Being a repeat customer of all these international companies means you are already quite familiar with how they operate. For example, do you know more about the US listed company Facebook or the Australian listed mining company Rio Tinto?
3. It is now much easier to start investing overseas
Investing in international companies has become a lot easier in the past few years. Many of the popular online stockbrokers such as CommSec and nabtrade offer international share trading services.
If you would rather not trade international shares directly, you can always put your money into managed funds that invest in international listed companies. These managed funds are operated by professional fund managers who have a lot of experience investing internationally.
4. You can diversify your investments to long term global trends
There are a lot of exciting and innovative global trends happening right now. For example, the growth in online shopping has really taken off with global e-commerce sales forecast to reach US$1 trillion this year. Since Australia’s share market is dominated by the banks and resources companies, it is unusual to find many large listed domestic companies that will benefit significantly from long term global trends like the surge in online shopping or the trend towards healthy living.

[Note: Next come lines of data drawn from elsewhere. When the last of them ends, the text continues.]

Lemma Mi_eq0_trivial j : (forall y, Mi j y -> y = 0) -> forall z : V, z = 0.
Proof.
move=> Mj0 z; have [k jk] := idx_other j.
have [kl jl] := third_neq jk.
have [_ /(_ z) [a [b [Ma [Mb ->]]]]] := Mi_direct jk.
have [_ /(_ (a + b)) [a' [b' [Ma' [Mb' E]]]]] := Mi_direct jl.
rewrite (Mj0 _ Ma) add0r in E *; rewrite (Mj0 _ Ma') add0r in E.
by apply: (direct_sum_eq0 (Mi_direct kl)) => //; rewrite E.
Qed.

Lemma Mi_sub_trivial i j : i <> j -> Mi j `<=` Mi i -> forall z : V, z = 0.
Proof.
move=> ij Mji; apply: (Mi_eq0_trivial (j := j)) => y My.
exact: (direct_sum_eq0 (Mi_direct ij) (Mji _ My) My).
Qed.

Lemma Mi_inj i j : (exists z : V, z <> 0) -> Mi i = Mi j -> i = j.
Proof.
move=> [z z_neq0] Mij; have [//|ij] := idx_dec i j.
by case: z_neq0; apply: (Mi_sub_trivial ij); rewrite Mij.
Qed.

Lemma image_Mi_proper S S' i : (exists z : V, z <> 0) -> bounded_op S ->
  op_inverse S S' -> S @` Mi i <> [set 0] /\ S @` Mi i <> setT.
Proof.
move=> [z z_neq0] S_bo SS'; split => [SMi0|SMiT]; apply: z_neq0.
  apply: (Mi_eq0_trivial (j := i)) => y My; have : (S @` Mi i) (S y) by exists y.
  rewrite SMi0 /= => Sy0.
  by rewrite -(op_inverseK y SS') Sy0 -{1}(bounded_op0 S_bo) (op_inverseK _ SS').
have MiT w : Mi i w.
  have : (S @` Mi i) (S w) by rewrite SMiT.
  by move=> [m Mm /(congr1 S')]; rewrite !(op_inverseK _ SS') => <-.
have [j ij] := idx_other i.
by apply: (Mi_sub_trivial ij) => w _; apply: MiT.
Qed.

Definition famT : set (set V) :=
  [set N | N = [set 0] \/ N = M1 \/ N = M2 \/ N = M3 \/ N = setT].

Definition OT : set (V -> V) :=
  [set S | S = id \/ S = W1 \/ S = W2 \/ S = W3 \/ S = W1 \o W2 \/ S = W2 \o W1].

Lemma famT_Mi i : famT (Mi i).
Proof. by case: i; rewrite /famT /=; tauto. Qed.

Lemma famT_image_fixed A A' : bounded_op A -> op_inverse A A' ->
  (forall i, A @` Mi i = Mi i) -> forall N, famT N -> A @` N = N.
Proof.
move=> A_bo AA' A_Mi N [->|[->|[->|[->|->]]]].
- exact: bounded_op_image0.
- exact: (A_Mi I1).
- exact: (A_Mi I2).
- exact: (A_Mi I3).
- exact: op_inverse_imageT AA'.
Qed.

Lemma OT_acts_by T : OT T -> exists s, [/\ acts_by s T, bounded_op T & injective s].
Proof.
case=> [->|[->|[->|[->|[->|->]]]]].
- by exists id; split; [exact: acts_by_id | exact: bounded_op_id |].
- by exists swap23; split; [exact: acts_by_W1 | exact: bounded_W1 | case; case].
- by exists swap13; split; [exact: acts_by_W2 | exact: bounded_W2 | case; case].
- by exists swap12; split; [exact: acts_by_W3 | exact: bounded_W3 | case; case].
- exists (swap23 \o swap13); split; last by case; case.
    exact: acts_by_comp acts_by_W1 acts_by_W2.
  exact: bounded_op_comp bounded_W1 bounded_W2.
- exists (swap13 \o swap23); split; last by case; case.
    exact: acts_by_comp acts_by_W2 acts_by_W1.
  exact: bounded_op_comp bounded_W2 bounded_W1.
Qed.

Investing in the right international shares will most likely help diversify your investment portfolio. It will also help you get exposure to a number of proven long term global trends.
5. It is a great way to learn
Investing is serious business. However, it should also be interesting and engaging.
For example, did you know that baby boomers are the fast growing segment of Facebook’s user base? How about the fact that an Italian company called Luxottica is a big reason why many people around the world pay hundreds of dollars for sunglasses (which seemingly cost so little to manufacture)?
If you are curious by nature, investing in large listed international companies also provides a great way to keep learning about the world.